I want to iterate every two rows, that is, take the value of every two rows and then do something with them, some way with pandas?

    
asked by fredmanre 27.12.2018 в 14:54
source

3 answers

1

Introduction

Pandas iterating is not usually the best solution. Most of the times you want to iterate is because you want to be doing some kind of calculation with the contents of the rows. Pandas implements a large number of "vectorized" calculations, which means that you perform them in a single line of code, taking into account many rows at a time, without having to implement your loop (it is Pandas who internally makes the iterations, usually delegating in numpy and in native code in C, much faster and more efficient than doing it in Python).

For example, to obtain the sum of the column "volume" of the dataframe df , you could think about iterating through all the rows and getting the value of that column to accumulate it, something like this:

suma = 0
for v in df.volume
    suma += v

But it's much shorter and more efficient:

suma = df.volume.sum()

Let's not say whether you want to calculate the average value of all columns. The solution with a loop would require maintaining an "accumulator" variable for each column, probably the use of df.iterrows() , etc. while the pandas solution is simply df.mean() .

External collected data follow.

(* Let $\alpha,\beta,\gamma\in\mathbb{Z}_2^n$ with $\alpha\ne0$, let $\omega=\omega(\alpha,\beta,\gamma)$ and $\omega'=\omega(-\alpha,\beta,\gamma)$. Then for all $i\in\{0,\dots,7\}$, $$e_iA_{\omega_0}\cdots A_{\omega_{n-1}}e_0^T=e_{i\oplus4}A_{\omega'_0}\cdots A_{\omega'_{n-1}}e_0^T.$$
   Context: For $x\in\mathbb{Z}_2^n$, $x=(x_0,\dots,x_{n-1})$ is identified with the integer $\sum_i x_i2^{n-1-i}$ and $-x$ is computed modulo $2^n$. For $\alpha,\beta,\gamma\in\mathbb{Z}_2^n$, $\omega(\alpha,\beta,\gamma)_i=4\alpha_i+2\beta_i+\gamma_i$. Indices $0,\dots,7$ are identified with $\mathbb{Z}_2^3$ via $(p_0,p_1,p_2)\leftrightarrow4p_0+2p_1+p_2$ (so $\oplus$ is bitwise XOR of 3-bit vectors); $e_0,\dots,e_7$ are the standard basis row vectors of $\mathbb{Q}^8$. $A_0$ is $\frac14$ times the $8\times8$ matrix with rows $(4,0,0,1,0,1,1,0)$, $(0,0,0,1,0,1,0,0)$, $(0,0,0,1,0,0,1,0)$, $(0,0,0,1,0,0,0,0)$, $(0,0,0,0,0,1,1,0)$, $(0,0,0,0,0,1,0,0)$, $(0,0,0,0,0,0,1,0)$, $(0,\dots,0)$, and $(A_k)_{i,j}=(A_0)_{i\oplus k,j\oplus k}$. *)

From mathcomp Require Import all_boot all_order all_algebra.
Set Implicit Arguments. Unset Strict Implicit. Unset Printing Implicit Defensive.
Import GRing.Theory Num.Theory.
Local Open Scope ring_scope.

Definition bvec (n : nat) := {ffun 'I_n -> bool}.

(* integer value sum_i x_i 2^(n-1-i)  (x_0 is the most significant bit) *)
Definition bval n (x : bvec n) : nat := (\sum_(i < n) x i * 2 ^ (n.-1 - i))%N.

Definition of_nat n (m : nat) : bvec n :=
  [ffun i : 'I_n => odd ((m %% 2 ^ n) %/ 2 ^ (n.-1 - i))].

Definition bneg n (x : bvec n) : bvec n := of_nat n (2 ^ n - bval x).

Definition omega n (a b c : bvec n) (i : 'I_n) : 'I_8 :=
  inord (4 * a i + 2 * b i + c i).

(* XOR of indices identified with Z_2^3 via (p0,p1,p2) <-> 4p0+2p1+p2 *)
Definition bit2 (k : 'I_8) : bool := odd (k %/ 4).
Definition bit1 (k : 'I_8) : bool := odd (k %/ 2).
Definition bit0 (k : 'I_8) : bool := odd k.
Definition xor8 (i k : 'I_8) : 'I_8 :=
  inord (4 * (bit2 i (+) bit2 k) + 2 * (bit1 i (+) bit1 k) + (bit0 i (+) bit0 k)).

Definition A0_table : seq (seq nat) :=
  [:: [:: 4; 0; 0; 1; 0; 1; 1; 0];
      [:: 0; 0; 0; 1; 0; 1; 0; 0];
      [:: 0; 0; 0; 1; 0; 0; 1; 0];
      [:: 0; 0; 0; 1; 0; 0; 0; 0];
      [:: 0; 0; 0; 0; 0; 1; 1; 0];
      [:: 0; 0; 0; 0; 0; 1; 0; 0];
      [:: 0; 0; 0; 0; 0; 0; 1; 0];
      [:: 0; 0; 0; 0; 0; 0; 0; 0]].

Definition A0 : 'M[rat]_8 :=
  \matrix_(i < 8, j < 8) ((nth 0%N (nth [::] A0_table i) j)%:R / 4).

Definition Amat (k : 'I_8) : 'M[rat]_8 :=
  \matrix_(i < 8, j < 8) A0 (xor8 i k) (xor8 j k).

Definition e (i : 'I_8) : 'rV[rat]_8 := delta_mx 0 i.

Definition Aprod n (w : 'I_n -> 'I_8) : 'M[rat]_8 := \prod_(i < n) Amat (w i).

From mathcomp Require Import all_boot all_order all_algebra fingroup perm zify.
Set Implicit Arguments. Unset Strict Implicit. Unset Printing Implicit Defensive.
Import GRing.Theory.

(* In two's complement, -alpha agrees with alpha from its last one bit j on and
   is its complement before j, so omega' = omega (+) 4 on the positions before j
   and omega' = omega from j on.  Conjugating by the permutation matrix D of
   r |-> r (+) 4 turns A_k into A_(k (+) 4), and e_(i (+) 4) D = e_i, so the two
   prefixes contribute alike.  It remains that D fixes A_(omega_j) L e_0^T, with
   L the product of the later factors: these have top bit 0, so they are block
   triangular for the top bit and L e_0^T vanishes on indices with top bit 1,
   while A_(omega_j), whose top bit is 1, has equal rows r and r (+) 4 on the
   columns with top bit 0. *)

Definition ord_of_bits (a b c : bool) : 'I_8 := inord (4 * a + 2 * b + c).

Lemma val_ord_of_bits a b c : nat_of_ord (ord_of_bits a b c) = 4 * a + 2 * b + c.
Proof. by rewrite inordK //; case: a; case: b; case: c. Qed.

Lemma bit2_ord_of_bits a b c : bit2 (ord_of_bits a b c) = a.
Proof. by rewrite /bit2 val_ord_of_bits; case: a; case: b; case: c. Qed.

Lemma bit1_ord_of_bits a b c : bit1 (ord_of_bits a b c) = b.
Proof. by rewrite /bit1 val_ord_of_bits; case: a; case: b; case: c. Qed.

Lemma bit0_ord_of_bits a b c : bit0 (ord_of_bits a b c) = c.
Proof. by rewrite /bit0 val_ord_of_bits; case: a; case: b; case: c. Qed.

Definition bits_ord_of_bits := (bit2_ord_of_bits, bit1_ord_of_bits, bit0_ord_of_bits).

Lemma ord_of_bits_bits r : ord_of_bits (bit2 r) (bit1 r) (bit0 r) = r.
Proof.
by apply: ord_inj; rewrite val_ord_of_bits; case: r => -[|[|[|[|[|[|[|[|//]]]]]]]].
Qed.

Lemma inord4_bits : inord 4 = ord_of_bits true false false.
Proof. exact: ord_inj. Qed.

Lemma xor8E r k :
  xor8 r k = ord_of_bits (bit2 r (+) bit2 k) (bit1 r (+) bit1 k) (bit0 r (+) bit0 k).
Proof. by []. Qed.

Lemma bit2_xor8 r k : bit2 (xor8 r k) = bit2 r (+) bit2 k.
Proof. exact: bit2_ord_of_bits. Qed.

Lemma xor8A : associative xor8.
Proof. by move=> r k l; rewrite !xor8E !bits_ord_of_bits !addbA. Qed.

Lemma xor8C : commutative xor8.
Proof. by move=> r k; rewrite !xor8E addbC [bit1 _ (+) _]addbC [bit0 _ (+) _]addbC. Qed.

Lemma xor8AC : right_commutative xor8.
Proof. by move=> r k l; rewrite -!xor8A [xor8 k l]xor8C. Qed.

Lemma xor8K k : involutive (xor8^~ k).
Proof.
by move=> r; rewrite !xor8E !bits_ord_of_bits -!addbA !addbb !addbF ord_of_bits_bits.
Qed.

Lemma bit2_omega n (a b c : bvec n) i : bit2 (omega a b c i) = a i.
Proof. exact: bit2_ord_of_bits. Qed.

Lemma omega_negb n (a a' b c : bvec n) i : a' i = ~~ a i ->
  omega a' b c i = xor8 (omega a b c i) (inord 4).
Proof.
by move=> a'i; rewrite xor8E inord4_bits !bits_ord_of_bits addbT !addbF -a'i.
Qed.

Definition bitsum n (f : nat -> bool) := \sum_(p < n) f p * 2 ^ p.

Lemma bitsum_recl n f : bitsum n.+1 f = f 0 + 2 * bitsum n (fun p => f p.+1).
Proof.
rewrite /bitsum big_ord_recl muln1 big_distrr /=; congr (_ + _).
by apply: eq_bigr => p _; rewrite expnS mulnCA.
Qed.

Lemma bitsum_lt n f : bitsum n f < 2 ^ n.
Proof.
elim: n f => [|n IHn] f; first by rewrite /bitsum big_ord0.
by rewrite bitsum_recl expnS; have := IHn (fun p => f p.+1); case: (f 0); lia.
Qed.

Lemma odd_bitsum n f q : q < n -> odd (bitsum n f %/ 2 ^ q) = f q.
Proof.
elim: n f q => [//|n IHn] f [_|q]; rewrite bitsum_recl.
  by rewrite divn1 oddD oddM /= addbF oddb.
rewrite ltnS => lt_qn; rewrite expnS divnMA addnC mulnC divnMDl //.
have -> : f 0 %/ 2 = 0 by case: (f 0).
by rewrite addn0 IHn.
Qed.

Lemma sum_exp2_gt n t : t < n -> \sum_(p < n) (t < p) * 2 ^ p + 2 ^ t.+1 = 2 ^ n.
Proof.
elim: n => [//|n IHn]; rewrite ltnS leq_eqVlt => /predU1P [<-|lt_tn].
  by rewrite big1 // => p _; rewrite ltnNge -ltnS ltn_ord.
by rewrite big_ord_recr /= -addnAC IHn // lt_tn expnS; lia.
Qed.

Lemma bitsum_negate n t (f : nat -> bool) : t < n -> f t ->
  (forall p, p < t -> ~~ f p) ->
  bitsum n (fun p => (t < p) (+) f p) + bitsum n f = 2 ^ n.
Proof.
move=> lt_tn ft f_low; rewrite -(sum_exp2_gt lt_tn) /bitsum -big_split /=.
pose t' := Ordinal lt_tn.
rewrite (eq_bigr (fun p : 'I_n => (t < p) * 2 ^ p + (p == t') * 2 ^ t.+1)); last first.
  move=> p _; rewrite -val_eqE /=; case: ltngtP => [lt_tp | lt_pt | <-].
  - by case: (f p) => /=; lia.
  - by rewrite (negbTE (f_low _ lt_pt)).
  - by rewrite ft expnS; lia.
rewrite big_split /=; congr (_ + _).
by rewrite (bigD1 t') //= eqxx mul1n big1 ?addn0 // => p /negbTE ->.
Qed.

Lemma bval_bitsum n (x : bvec n.+1) :
  bval x = bitsum n.+1 (fun p => x (inord (n - p))).
Proof.
rewrite /bitsum (reindex_inj rev_ord_inj) /=; apply: eq_bigr => i _.
by rewrite subSS subKn ?inord_val // -ltnS.
Qed.

Lemma bvalK n : cancel (@bval n) (of_nat n).
Proof.
case: n => [|n] x; apply/ffunP => i; first by case: i.
rewrite ffunE modn_small bval_bitsum ?bitsum_lt // odd_bitsum; last first.
  by rewrite ltnS leq_subr.
by rewrite subKn ?inord_val // -ltnS.
Qed.

Lemma bnegE n (x : bvec n) (j : 'I_n) : x j -> (forall i : 'I_n, j < i -> ~~ x i) ->
  bneg x = [ffun i : 'I_n => (i < j) (+) x i].
Proof.
case: n x j => [|n] x j; first by case: j.
move=> xj x_high; set y := [ffun _ => _].
suff sum_yx : bval y + bval x = 2 ^ n.+1 by rewrite /bneg -sum_yx addnK bvalK.
have lt_tn : n - j < n.+1 by rewrite ltnS leq_subr.
rewrite -(bitsum_negate (f := fun p => x (inord (n - p))) lt_tn); first last.
- by move=> p lt_p; apply: x_high; rewrite inordK; lia.
- by rewrite subKn ?inord_val // -ltnS.
rewrite !bval_bitsum; congr (_ + _); apply: eq_bigr => p _.
have p_le_n := ltn_ord p; have j_le_n := ltn_ord j.
rewrite ffunE inordK; last by lia.
by congr (_ * _); congr (nat_of_bool (_ (+) _)); apply/idP/idP; lia.
Qed.

Local Open Scope ring_scope.

Lemma A0_lower_left r l : bit2 r -> ~~ bit2 l -> A0 r l = 0.
Proof.
rewrite -[r]ord_of_bits_bits -[l]ord_of_bits_bits !bit2_ord_of_bits.
rewrite mxE !val_ord_of_bits => -> /negbTE ->.
by case: (bit1 r); case: (bit0 r); case: (bit1 l); case: (bit0 l); rewrite /= mul0r.
Qed.

Lemma A0_row_periodic r l : bit2 l -> A0 (xor8 r (inord 4)) l = A0 r l.
Proof.
rewrite -[r]ord_of_bits_bits -[l]ord_of_bits_bits xor8E inord4_bits.
rewrite !bits_ord_of_bits !mxE !val_ord_of_bits => ->; rewrite !addbF.
by case: (bit2 r); case: (bit1 r); case: (bit0 r); case: (bit1 l); case: (bit0 l).
Qed.

Lemma AmatE k r l : Amat k r l = A0 (xor8 r k) (xor8 l k).
Proof. exact: mxE. Qed.

Lemma Amat_lower_left k r l : ~~ bit2 k -> bit2 r -> ~~ bit2 l -> Amat k r l = 0.
Proof.
by move=> /negbTE k0 r1 l0; rewrite AmatE A0_lower_left // bit2_xor8 k0 addbF.
Qed.

Lemma Amat_row_periodic k r l : bit2 k -> ~~ bit2 l ->
  Amat k (xor8 r (inord 4)) l = Amat k r l.
Proof.
move=> k1 /negbTE l0.
by rewrite !AmatE (xor8AC r) A0_row_periodic // bit2_xor8 k1 l0.
Qed.

Lemma Amat_xor4 k r l :
  Amat (xor8 k (inord 4)) r l = Amat k (xor8 r (inord 4)) (xor8 l (inord 4)).
Proof. by rewrite !AmatE !xor8A (xor8AC r) (xor8AC l). Qed.

Section CoordStable.
Variables (R : pzSemiRingType) (n : nat) (S : pred 'I_n).

Definition coord_stable (M : 'M[R]_n) := forall r l, S r -> ~~ S l -> M r l = 0.

Lemma coord_stableM M N : coord_stable M -> coord_stable N -> coord_stable (M *m N).
Proof.
move=> sM sN r l Sr Sl; rewrite mxE big1 // => m _.
by case Sm: (S m); [rewrite sN ?Sm ?mulr0 | rewrite sM ?Sm ?mul0r].
Qed.

Lemma coord_stable_prod I (s : seq I) (P : pred I) (F : I -> 'M[R]_n) :
  (forall i, P i -> coord_stable (F i)) -> coord_stable (\prod_(i <- s | P i) F i).
Proof.
move=> sF; apply: big_ind => [|M N|//]; last by rewrite -mulmxE; apply: coord_stableM.
by move=> r l Sr Sl; rewrite mxE; case: eqP => // eq_rl; rewrite -eq_rl Sr in Sl.
Qed.

End CoordStable.

Lemma prod_conj_involutive (R : pzSemiRingType) I (s : seq I) (P : pred I)
    (F : I -> R) d :
  d * d = 1 -> \prod_(i <- s | P i) (d * F i * d) = d * (\prod_(i <- s | P i) F i) * d.
Proof.
move=> dd; elim: s => [|i s IHs]; first by rewrite !big_nil mulr1.
rewrite !big_cons; case: (P i) => //; rewrite IHs.
by rewrite !mulrA -(mulrA _ d d) dd mulr1.
Qed.

Definition xor4_perm : {perm 'I_8} := perm (can_inj (xor8K (inord 4))).

Lemma xor4_perm_sqr : (xor4_perm * xor4_perm = 1)%g.
Proof. by apply/permP => r; rewrite permM !permE xor8K. Qed.

Lemma xor4_permV : (xor4_perm^-1 = xor4_perm)%g.
Proof. by rewrite -[LHS]mul1g -xor4_perm_sqr -mulgA mulgV mulg1. Qed.

Definition xor4_mx : 'M[rat]_8 := perm_mx xor4_perm.

Lemma xor4_mx_sqr : xor4_mx * xor4_mx = 1.
Proof. by rewrite -mulmxE -perm_mxM xor4_perm_sqr perm_mx1. Qed.

Lemma mul_xor4_mx m (M : 'M[rat]_(8, m)) r l :
  (xor4_mx *m M) r l = M (xor8 r (inord 4)) l.
Proof. by rewrite /xor4_mx -row_permE mxE permE. Qed.

Lemma mulmx_xor4 m (M : 'M[rat]_(m, 8)) r l :
  (M *m xor4_mx) r l = M r (xor8 l (inord 4)).
Proof. by rewrite /xor4_mx -xor4_permV -col_permE mxE permE. Qed.

Lemma Amat_conj k : Amat (xor8 k (inord 4)) = xor4_mx * Amat k * xor4_mx.
Proof. by apply/matrixP => r l; rewrite -!mulmxE mulmx_xor4 mul_xor4_mx Amat_xor4. Qed.

Lemma e_xor4_mx i : e (xor8 i (inord 4)) *m xor4_mx = e i.
Proof.
by apply/matrixP => a b; rewrite mulmx_xor4 !mxE (can_eq (xor8K (inord 4))).
Qed.

Lemma xor4_mx_fix k (v : 'cV[rat]_8) : bit2 k -> (forall r, bit2 r -> v r 0 = 0) ->
  xor4_mx *m (Amat k *m v) = Amat k *m v.
Proof.
move=> k1 v_top; apply/matrixP => r c; rewrite mul_xor4_mx (ord1 c) !mxE.
apply: eq_bigr => l _; case: (boolP (bit2 l)) => [l1|l0].
  by rewrite v_top // !mulr0.
by rewrite Amat_row_periodic.
Qed.

Lemma prod_nat_split (R : pzSemiRingType) n j (F : nat -> R) : (j < n)%N ->
  \prod_(0 <= p < n) F p =
  (\prod_(0 <= p < j) F p) * (F j * \prod_(j.+1 <= p < n) F p).
Proof. by move=> lt_jn; rewrite (big_cat_nat (leq0n j) (ltnW lt_jn)) (big_ltn lt_jn). Qed.

Lemma Aprod_flip_prefix n j (w : nat -> 'I_8) i : (j < n)%N -> bit2 (w j) ->
  (forall p, (j < p < n)%N -> ~~ bit2 (w p)) ->
  e i *m \prod_(0 <= p < n) Amat (w p) *m (e 0)^T =
  e (xor8 i (inord 4)) *m
    \prod_(0 <= p < n) Amat (if (p < j)%N then xor8 (w p) (inord 4) else w p)
    *m (e 0)^T.
Proof.
move=> lt_jn wj1 w_high; rewrite !(prod_nat_split _ lt_jn) ltnn.
have -> : \prod_(0 <= p < j) Amat (if (p < j)%N then xor8 (w p) (inord 4) else w p)
          = xor4_mx * \prod_(0 <= p < j) Amat (w p) * xor4_mx.
  rewrite -prod_conj_involutive ?xor4_mx_sqr //; apply: eq_big_nat => p /= lt_pj.
  by rewrite lt_pj Amat_conj.
have -> : \prod_(j.+1 <= p < n) Amat (if (p < j)%N then xor8 (w p) (inord 4) else w p)
          = \prod_(j.+1 <= p < n) Amat (w p).
  by apply: eq_big_nat => p /andP [lt_jp _]; rewrite ltnNge ltnW.
set L := \prod_(j.+1 <= p < n) _.
have L_stable : coord_stable bit2 L.
  rewrite /L big_nat_cond; apply: coord_stable_prod => p /andP [/andP [lt_jp lt_pn] _].
  by move=> r l; apply: Amat_lower_left; rewrite w_high ?lt_jp.
have Le0_top r : bit2 r -> (L *m (e 0)^T) r 0 = 0.
  by move=> r1; rewrite trmx_delta -colE mxE L_stable.
by rewrite -!mulmxE !mulmxA e_xor4_mx -!mulmxA xor4_mx_fix.
Qed.

Lemma ffun_last_true n (x : {ffun 'I_n -> bool}) : x != [ffun=> false] ->
  exists2 j : 'I_n, x j & forall i : 'I_n, (j < i)%N -> ~~ x i.
Proof.
move=> x_nz; have [i0 xi0] : exists i, x i.
  apply/existsP; apply: contraR x_nz => /existsPn x_false.
  by apply/eqP/ffunP => i; rewrite ffunE; apply/negbTE/x_false.
case: (arg_maxnP (fun i : 'I_n => nat_of_ord i) xi0) => j xj j_max.
by exists j => // i; apply: contraL => /j_max; rewrite -leqNgt.
Qed.

Lemma Aprod_nat n (w : 'I_n.+1 -> 'I_8) :
  Aprod w = \prod_(0 <= p < n.+1) Amat (w (inord p)).
Proof. by rewrite big_mkord; apply: eq_bigr => p _; rewrite inord_val. Qed.

Theorem lemma2 (n : nat) (alpha beta gamma : bvec n) :
  alpha != [ffun _ => false] ->
  forall i : 'I_8,
    e i *m Aprod (omega alpha beta gamma) *m (e 0)^T =
    e (xor8 i (inord 4)) *m Aprod (omega (bneg alpha) beta gamma) *m (e 0)^T.
Proof.
case: n alpha beta gamma => [|n] alpha beta gamma alpha_nz i.
  by case/eqP: alpha_nz; apply/ffunP => -[].
have [j alpha_j alpha_high] := ffun_last_true alpha_nz.
rewrite (bnegE alpha_j alpha_high) !Aprod_nat.
rewrite (@Aprod_flip_prefix _ j (fun p => omega alpha beta gamma (inord p))) /=.
- congr (_ *m _ *m _); apply: eq_big_nat => p /= lt_pn.
  case: ifP => lt_pj; last by rewrite /omega ffunE inordK ?lt_pj.
  by rewrite [in RHS](@omega_negb _ alpha) // ffunE inordK ?lt_pj.
- exact: ltn_ord.
- by rewrite inord_val bit2_omega.
- by move=> p /andP [lt_jp lt_pn]; rewrite bit2_omega alpha_high // inordK.
Qed.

If instead of wanting to act on all the rows you want only a subset of them, you can apply df.loc or df.iloc and put in an expression in square brackets the range of values of the index (for the first case) or row numbers (for the second case).

For example, since in your case the index is of type datetime , you can do something like the following to operate only with the data corresponding to January:

df.loc["2018-01":"2018-02"]

and on that selection do any operation, such as .sum() , .mean() , etc.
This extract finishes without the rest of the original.